About 6:30 AM I woke up and took a shower.  Breakfast would not be served until 7 AM.  Breakfast on the ground floor was toast, bread, peanut butter, jam, coffee, orange juice and cold cereal resembling wheat flakes or so.  It was okay.  About 9 AM I left the hostel to walk to the Hynes Convention Center T station.  I had to buy a Charlie Card for $9.00 which would be valid for the entire day on the MBTA system, even as far away as Cambridge.
Because most of the MBTA was constructed in the 1950s, it was not required to be ADA compliant.  The Hynes Convention Center station has two side platforms, and only the westbound platform was ADA compliant in June 2010.  Most of the green line underground stations date back to the late 1890's and have been renovated since.  Only the stations Boylston, Symphony and Hynes Convention Center remain as inaccessible to the physically challenged.  Elsewhere on the MBTA subway, save for intra-station transfers at Downtown Crossing, is accessible.  Within a few years, the ADA compliance renovations are expected to be complete.

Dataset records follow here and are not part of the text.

Section TensorKernel.
Variables (K : fieldType) (m1 m2 : nat).
Variables (X1 G1 : 'M[K]_m1) (b1 : nat -> 'cV[K]_m1) (cx1 cg1 : nat -> K).
Variables (X2 G2 : 'M[K]_m2) (b2 : nat -> 'cV[K]_m2) (cx2 cg2 : nat -> K).
Hypotheses (S1 : string_basis X1 G1 b1 cx1 cg1) (S2 : string_basis X2 G2 b2 cx2 cg2).
Hypothesis m1_le_m2 : (m1 <= m2)%N.

Local Notation z s t := (tensmx (b1 s) (b2 t)).
Local Notation XT := (tensmx X1 G2 + tensmx (1%:M : 'M[K]_m1) X2).

Definition zsum (C : nat -> nat -> K) := \sum_(s < m1) \sum_(t < m2) C s t *: z s t.

Lemma eq_zsum C C' :
  (forall s t, (s < m1)%N -> (t < m2)%N -> C s t = C' s t) -> zsum C = zsum C'.
Proof. by move=> CC'; apply: eq_bigr => s _; apply: eq_bigr => t _; rewrite CC'. Qed.

Lemma zsum_lincomb (I : finType) (b : I -> K) (F : I -> nat -> nat -> K) :
  \sum_i b i *: zsum (F i) = zsum (fun s t => \sum_i b i * F i s t).
Proof.
rewrite /zsum; under eq_bigr do rewrite scaler_sumr.
rewrite exchange_big; apply: eq_bigr => s _; under eq_bigr do rewrite scaler_sumr.
by rewrite exchange_big; apply: eq_bigr => t _; rewrite scaler_suml; under eq_bigr do rewrite scalerA.
Qed.

Lemma zsum_eq0 C : zsum C = 0 -> forall s t, (s < m1)%N -> (t < m2)%N -> C s t = 0.
Proof.
move=> C0 s t s_lt t_lt.
apply: (tensmx_free (string_free S1) (string_free S2) (c := fun p => C p.1 p.2) _
  (Ordinal s_lt, Ordinal t_lt)).
by rewrite -(pair_bigA _ (fun (s : 'I_m1) (t : 'I_m2) => C s t *: z s t)).
Qed.

Definition Xcoef (C : nat -> nat -> K) s t :=
  (if (s.+1 < m1)%N then C s.+1 t * (cx1 s.+1 * cg2 t) else 0) +
  (if (t.+1 < m2)%N then C s t.+1 * cx2 t.+1 else 0).

Lemma XT_z s t : XT *m z s t = (cx1 s * cg2 t) *: z s.-1 t + cx2 t *: z s t.-1.
Proof.
rewrite mulmxDl !tensmx_mul (string_lower S1) (string_diag S2) (string_lower S2) mul1mx.
by rewrite tensmxZl !tensmxZr scalerA.
Qed.

Lemma XT_zsum C : XT *m zsum C = zsum (Xcoef C).
Proof.
rewrite /zsum mulmx_sumr; under eq_bigr do rewrite mulmx_sumr.
under eq_bigr do under eq_bigr do rewrite -scalemxAr XT_z scalerDr !scalerA.
under eq_bigr do rewrite big_split /=.
rewrite big_split /= exchange_big /=.
under eq_bigr => t _ do rewrite (sum_shift (fun s => C s t * (cx1 s * cg2 t)) (fun s => z s t))
  ?(string_lower0 S1) ?mul0r ?mulr0 //.
under [X in _ + X]eq_bigr => s _ do rewrite (sum_shift (fun t => C s t * cx2 t) (fun t => z s t))
  ?(string_lower0 S2) ?mulr0 //.
rewrite exchange_big -big_split; apply: eq_bigr => s _.
by rewrite -big_split; apply: eq_bigr => t _; rewrite scalerDl.
Qed.

Definition Xkernel C := forall s t, (s < m1)%N -> (t < m2)%N -> Xcoef C s t = 0.

Lemma cx1cg2_neq0 s t : (0 < s < m1)%N -> (t < m2)%N -> cx1 s * cg2 t != 0.
Proof.
by move=> s_lt t_lt; rewrite mulf_neq0 ?(string_lower_neq0 S1) ?(string_diag_neq0 S2).
Qed.

(* The coefficient of z_{s,t} in the kernel vector of degree s + t, normalised
   at s = 0: [Xcoef C s t = 0] solved for [C s.+1 t]. *)
Fixpoint kcoef s t : K :=
  if s is s'.+1 then - (kcoef s' t.+1 * cx2 t.+1) / (cx1 s * cg2 t) else 1.

Lemma kcoefS s t : (s.+1 < m1)%N -> (t < m2)%N ->
  kcoef s.+1 t * (cx1 s.+1 * cg2 t) = - (kcoef s t.+1 * cx2 t.+1).
Proof. by move=> s_lt t_lt; rewrite /= divfK // cx1cg2_neq0. Qed.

I took the green line to North Station to transfer to the orange line for Community College.  North Station is convoluted in the way that it has a side platform for the northbound orange line, an island platform shared by the northbound green line and southbound orange line and another side platform for the southbound green line above the other three tracks.  It is ADA compliant.  I had to go up and down an escalator to get to the northbound orange line platform.  I went only to Community College which had a simple central platform.  From there I walked to the Bunker Hill monument.  It was a fifteen minute walk and just over a half mile / 1 km from Community College station.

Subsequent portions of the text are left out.